> _Task goal_
Among the following entries, say how many lines contain the word "first"; the answer is a number and nothing else.

Collected data:
•••••

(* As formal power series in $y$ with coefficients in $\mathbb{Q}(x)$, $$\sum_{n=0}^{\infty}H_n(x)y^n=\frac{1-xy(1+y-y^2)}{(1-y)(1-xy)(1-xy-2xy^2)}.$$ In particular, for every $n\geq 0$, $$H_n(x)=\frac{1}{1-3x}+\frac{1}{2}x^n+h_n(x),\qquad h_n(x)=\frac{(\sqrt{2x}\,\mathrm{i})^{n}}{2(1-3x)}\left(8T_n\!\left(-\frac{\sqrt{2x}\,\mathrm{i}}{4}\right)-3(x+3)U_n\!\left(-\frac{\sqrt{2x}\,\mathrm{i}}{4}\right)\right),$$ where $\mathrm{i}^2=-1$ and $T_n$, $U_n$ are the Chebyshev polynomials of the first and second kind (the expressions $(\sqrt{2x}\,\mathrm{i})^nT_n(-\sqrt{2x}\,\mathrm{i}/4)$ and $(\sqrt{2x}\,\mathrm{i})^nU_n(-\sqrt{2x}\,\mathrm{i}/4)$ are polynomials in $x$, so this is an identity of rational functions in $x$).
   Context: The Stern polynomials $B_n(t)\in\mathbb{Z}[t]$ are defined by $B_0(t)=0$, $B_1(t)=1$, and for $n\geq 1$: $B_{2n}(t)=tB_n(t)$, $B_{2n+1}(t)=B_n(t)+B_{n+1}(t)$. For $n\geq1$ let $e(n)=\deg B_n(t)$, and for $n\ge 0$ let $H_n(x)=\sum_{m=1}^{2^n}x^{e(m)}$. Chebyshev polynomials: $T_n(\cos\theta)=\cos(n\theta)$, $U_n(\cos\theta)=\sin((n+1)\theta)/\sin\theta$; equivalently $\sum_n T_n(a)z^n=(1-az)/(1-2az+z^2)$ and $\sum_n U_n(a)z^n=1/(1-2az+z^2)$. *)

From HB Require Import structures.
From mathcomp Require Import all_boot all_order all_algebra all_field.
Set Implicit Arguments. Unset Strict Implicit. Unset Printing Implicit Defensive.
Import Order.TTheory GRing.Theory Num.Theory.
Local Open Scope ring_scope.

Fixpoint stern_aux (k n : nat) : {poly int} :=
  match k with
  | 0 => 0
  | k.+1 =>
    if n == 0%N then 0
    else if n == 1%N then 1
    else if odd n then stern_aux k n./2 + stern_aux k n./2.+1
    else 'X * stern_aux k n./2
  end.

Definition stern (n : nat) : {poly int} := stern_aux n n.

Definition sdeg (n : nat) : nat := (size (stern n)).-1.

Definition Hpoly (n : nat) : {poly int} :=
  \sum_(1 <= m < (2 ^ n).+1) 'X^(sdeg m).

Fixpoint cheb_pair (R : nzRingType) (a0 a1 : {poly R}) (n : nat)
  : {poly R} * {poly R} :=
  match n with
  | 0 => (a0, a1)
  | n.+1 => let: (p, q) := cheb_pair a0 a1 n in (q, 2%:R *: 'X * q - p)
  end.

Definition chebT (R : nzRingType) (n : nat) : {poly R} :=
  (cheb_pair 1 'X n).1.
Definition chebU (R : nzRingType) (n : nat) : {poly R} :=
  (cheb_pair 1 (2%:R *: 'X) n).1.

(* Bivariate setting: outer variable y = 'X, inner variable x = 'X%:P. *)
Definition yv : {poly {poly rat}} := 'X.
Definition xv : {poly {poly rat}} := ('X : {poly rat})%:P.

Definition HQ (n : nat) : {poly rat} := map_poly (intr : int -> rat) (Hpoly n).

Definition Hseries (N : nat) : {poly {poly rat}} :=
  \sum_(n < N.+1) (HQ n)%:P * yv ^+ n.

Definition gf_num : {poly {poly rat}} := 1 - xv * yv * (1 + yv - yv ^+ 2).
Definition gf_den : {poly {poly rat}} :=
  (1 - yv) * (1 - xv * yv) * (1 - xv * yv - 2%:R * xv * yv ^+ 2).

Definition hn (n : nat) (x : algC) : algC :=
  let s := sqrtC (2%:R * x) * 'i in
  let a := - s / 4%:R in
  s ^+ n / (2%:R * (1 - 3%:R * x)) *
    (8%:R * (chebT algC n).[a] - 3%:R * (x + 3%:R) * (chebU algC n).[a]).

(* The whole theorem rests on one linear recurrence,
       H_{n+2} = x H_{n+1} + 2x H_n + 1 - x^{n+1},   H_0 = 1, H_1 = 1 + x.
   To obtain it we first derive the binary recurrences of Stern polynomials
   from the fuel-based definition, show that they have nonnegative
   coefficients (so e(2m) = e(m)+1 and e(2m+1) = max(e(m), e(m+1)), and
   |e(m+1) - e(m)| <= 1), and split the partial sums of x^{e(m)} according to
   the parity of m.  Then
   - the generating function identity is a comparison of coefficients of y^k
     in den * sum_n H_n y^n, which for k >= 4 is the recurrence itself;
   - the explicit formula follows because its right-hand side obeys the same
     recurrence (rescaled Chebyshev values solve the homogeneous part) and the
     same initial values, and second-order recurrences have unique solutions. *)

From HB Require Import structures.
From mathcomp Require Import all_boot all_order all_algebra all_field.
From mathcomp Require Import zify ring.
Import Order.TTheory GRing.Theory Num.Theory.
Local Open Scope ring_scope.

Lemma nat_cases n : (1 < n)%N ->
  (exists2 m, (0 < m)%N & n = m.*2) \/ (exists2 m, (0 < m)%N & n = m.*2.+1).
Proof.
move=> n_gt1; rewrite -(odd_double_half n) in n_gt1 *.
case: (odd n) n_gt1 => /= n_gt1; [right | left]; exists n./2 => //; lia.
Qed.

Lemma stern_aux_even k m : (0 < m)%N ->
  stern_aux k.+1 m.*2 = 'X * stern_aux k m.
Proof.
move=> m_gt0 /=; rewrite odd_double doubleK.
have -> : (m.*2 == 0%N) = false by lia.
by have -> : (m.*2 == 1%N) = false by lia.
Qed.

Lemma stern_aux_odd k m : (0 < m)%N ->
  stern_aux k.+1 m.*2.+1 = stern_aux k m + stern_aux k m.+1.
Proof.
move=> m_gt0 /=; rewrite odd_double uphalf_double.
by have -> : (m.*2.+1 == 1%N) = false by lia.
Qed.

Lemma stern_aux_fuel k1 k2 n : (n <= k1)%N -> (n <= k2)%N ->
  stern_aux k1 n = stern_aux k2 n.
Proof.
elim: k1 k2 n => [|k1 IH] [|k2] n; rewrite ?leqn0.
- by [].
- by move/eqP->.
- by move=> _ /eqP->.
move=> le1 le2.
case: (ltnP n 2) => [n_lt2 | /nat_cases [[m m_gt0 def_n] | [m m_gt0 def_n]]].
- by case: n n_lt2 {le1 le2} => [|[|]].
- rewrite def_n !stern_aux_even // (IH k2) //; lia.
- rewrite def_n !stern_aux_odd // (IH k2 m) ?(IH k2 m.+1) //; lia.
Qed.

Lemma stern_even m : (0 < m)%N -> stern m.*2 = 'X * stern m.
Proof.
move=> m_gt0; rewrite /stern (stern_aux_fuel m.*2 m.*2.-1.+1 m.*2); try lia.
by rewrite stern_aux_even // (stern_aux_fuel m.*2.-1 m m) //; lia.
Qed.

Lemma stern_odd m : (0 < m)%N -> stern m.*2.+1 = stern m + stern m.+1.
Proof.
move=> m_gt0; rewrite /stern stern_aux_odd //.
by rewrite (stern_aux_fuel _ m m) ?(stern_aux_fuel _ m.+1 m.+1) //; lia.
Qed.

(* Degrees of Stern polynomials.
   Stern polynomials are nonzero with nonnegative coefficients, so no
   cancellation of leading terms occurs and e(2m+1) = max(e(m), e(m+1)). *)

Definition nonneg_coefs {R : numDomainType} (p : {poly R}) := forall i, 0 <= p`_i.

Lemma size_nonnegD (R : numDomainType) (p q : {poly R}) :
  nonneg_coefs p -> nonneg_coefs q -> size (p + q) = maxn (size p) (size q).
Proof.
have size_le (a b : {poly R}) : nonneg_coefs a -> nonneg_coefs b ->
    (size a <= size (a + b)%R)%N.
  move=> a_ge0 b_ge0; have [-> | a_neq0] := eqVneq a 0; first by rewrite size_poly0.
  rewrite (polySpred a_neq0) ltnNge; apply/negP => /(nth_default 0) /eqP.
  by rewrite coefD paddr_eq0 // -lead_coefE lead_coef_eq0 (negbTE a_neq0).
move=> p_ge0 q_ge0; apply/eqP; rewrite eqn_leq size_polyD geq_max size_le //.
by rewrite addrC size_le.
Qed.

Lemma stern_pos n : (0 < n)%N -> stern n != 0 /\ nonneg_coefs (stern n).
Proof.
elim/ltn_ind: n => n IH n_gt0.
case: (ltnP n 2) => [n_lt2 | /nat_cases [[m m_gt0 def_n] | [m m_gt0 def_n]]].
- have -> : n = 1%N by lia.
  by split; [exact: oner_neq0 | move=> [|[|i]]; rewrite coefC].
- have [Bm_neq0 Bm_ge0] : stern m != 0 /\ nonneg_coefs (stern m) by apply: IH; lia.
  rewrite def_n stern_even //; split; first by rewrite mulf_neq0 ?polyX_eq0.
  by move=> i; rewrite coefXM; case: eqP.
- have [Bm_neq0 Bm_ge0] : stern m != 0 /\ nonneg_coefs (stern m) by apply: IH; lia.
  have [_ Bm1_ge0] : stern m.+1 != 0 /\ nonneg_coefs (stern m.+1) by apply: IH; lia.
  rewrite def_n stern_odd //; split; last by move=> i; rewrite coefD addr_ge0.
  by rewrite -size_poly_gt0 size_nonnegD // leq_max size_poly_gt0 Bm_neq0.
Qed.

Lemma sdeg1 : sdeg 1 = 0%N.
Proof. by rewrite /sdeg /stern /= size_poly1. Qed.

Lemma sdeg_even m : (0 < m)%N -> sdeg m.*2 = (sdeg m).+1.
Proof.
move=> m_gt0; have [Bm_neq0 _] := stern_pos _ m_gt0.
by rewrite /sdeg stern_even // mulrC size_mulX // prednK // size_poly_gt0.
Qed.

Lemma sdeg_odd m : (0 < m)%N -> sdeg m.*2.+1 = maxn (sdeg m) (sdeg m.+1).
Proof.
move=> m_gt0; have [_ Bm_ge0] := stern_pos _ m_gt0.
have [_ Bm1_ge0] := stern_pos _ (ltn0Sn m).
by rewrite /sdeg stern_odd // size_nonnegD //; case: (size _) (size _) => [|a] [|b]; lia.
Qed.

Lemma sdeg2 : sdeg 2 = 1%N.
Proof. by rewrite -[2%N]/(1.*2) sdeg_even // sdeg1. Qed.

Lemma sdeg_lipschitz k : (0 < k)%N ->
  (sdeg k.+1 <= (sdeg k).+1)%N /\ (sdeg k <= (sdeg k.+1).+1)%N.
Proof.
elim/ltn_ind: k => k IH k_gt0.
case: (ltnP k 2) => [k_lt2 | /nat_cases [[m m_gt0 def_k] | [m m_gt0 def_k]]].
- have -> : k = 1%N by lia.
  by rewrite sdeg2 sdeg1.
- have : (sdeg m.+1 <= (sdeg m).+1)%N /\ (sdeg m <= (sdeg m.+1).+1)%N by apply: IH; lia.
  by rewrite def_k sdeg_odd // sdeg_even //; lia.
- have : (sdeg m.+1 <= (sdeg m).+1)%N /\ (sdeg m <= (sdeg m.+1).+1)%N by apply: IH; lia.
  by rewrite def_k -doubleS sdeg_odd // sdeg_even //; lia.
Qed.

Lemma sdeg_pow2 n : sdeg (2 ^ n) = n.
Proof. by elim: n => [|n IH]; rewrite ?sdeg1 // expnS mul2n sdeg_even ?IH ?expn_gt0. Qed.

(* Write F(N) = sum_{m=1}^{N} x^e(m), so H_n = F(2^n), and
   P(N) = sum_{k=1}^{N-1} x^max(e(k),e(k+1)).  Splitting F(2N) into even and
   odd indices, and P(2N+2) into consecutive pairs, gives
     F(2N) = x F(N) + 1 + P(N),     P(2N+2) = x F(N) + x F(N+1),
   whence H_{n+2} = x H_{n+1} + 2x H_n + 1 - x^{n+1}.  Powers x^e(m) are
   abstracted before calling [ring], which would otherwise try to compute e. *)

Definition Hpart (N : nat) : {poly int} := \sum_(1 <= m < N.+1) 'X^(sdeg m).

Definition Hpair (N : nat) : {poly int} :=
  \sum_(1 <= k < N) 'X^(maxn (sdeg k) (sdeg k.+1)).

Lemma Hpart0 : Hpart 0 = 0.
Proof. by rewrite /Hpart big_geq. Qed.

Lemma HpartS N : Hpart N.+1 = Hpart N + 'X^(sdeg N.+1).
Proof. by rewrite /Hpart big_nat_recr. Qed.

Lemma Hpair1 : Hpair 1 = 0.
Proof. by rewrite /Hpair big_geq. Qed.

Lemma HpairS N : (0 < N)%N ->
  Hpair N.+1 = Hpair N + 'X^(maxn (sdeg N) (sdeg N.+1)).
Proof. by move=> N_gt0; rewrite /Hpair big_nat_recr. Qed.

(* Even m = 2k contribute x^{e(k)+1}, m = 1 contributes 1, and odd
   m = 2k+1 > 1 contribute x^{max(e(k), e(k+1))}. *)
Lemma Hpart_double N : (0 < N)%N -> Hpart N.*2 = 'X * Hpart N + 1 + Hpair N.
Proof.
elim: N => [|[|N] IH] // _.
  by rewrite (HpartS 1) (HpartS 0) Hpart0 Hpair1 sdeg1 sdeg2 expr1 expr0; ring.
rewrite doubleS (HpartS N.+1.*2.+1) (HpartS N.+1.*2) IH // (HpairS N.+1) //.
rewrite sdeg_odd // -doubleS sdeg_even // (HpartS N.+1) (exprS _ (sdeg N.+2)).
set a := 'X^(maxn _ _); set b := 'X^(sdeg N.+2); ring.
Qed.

•••••

> _Solution to the problem_
4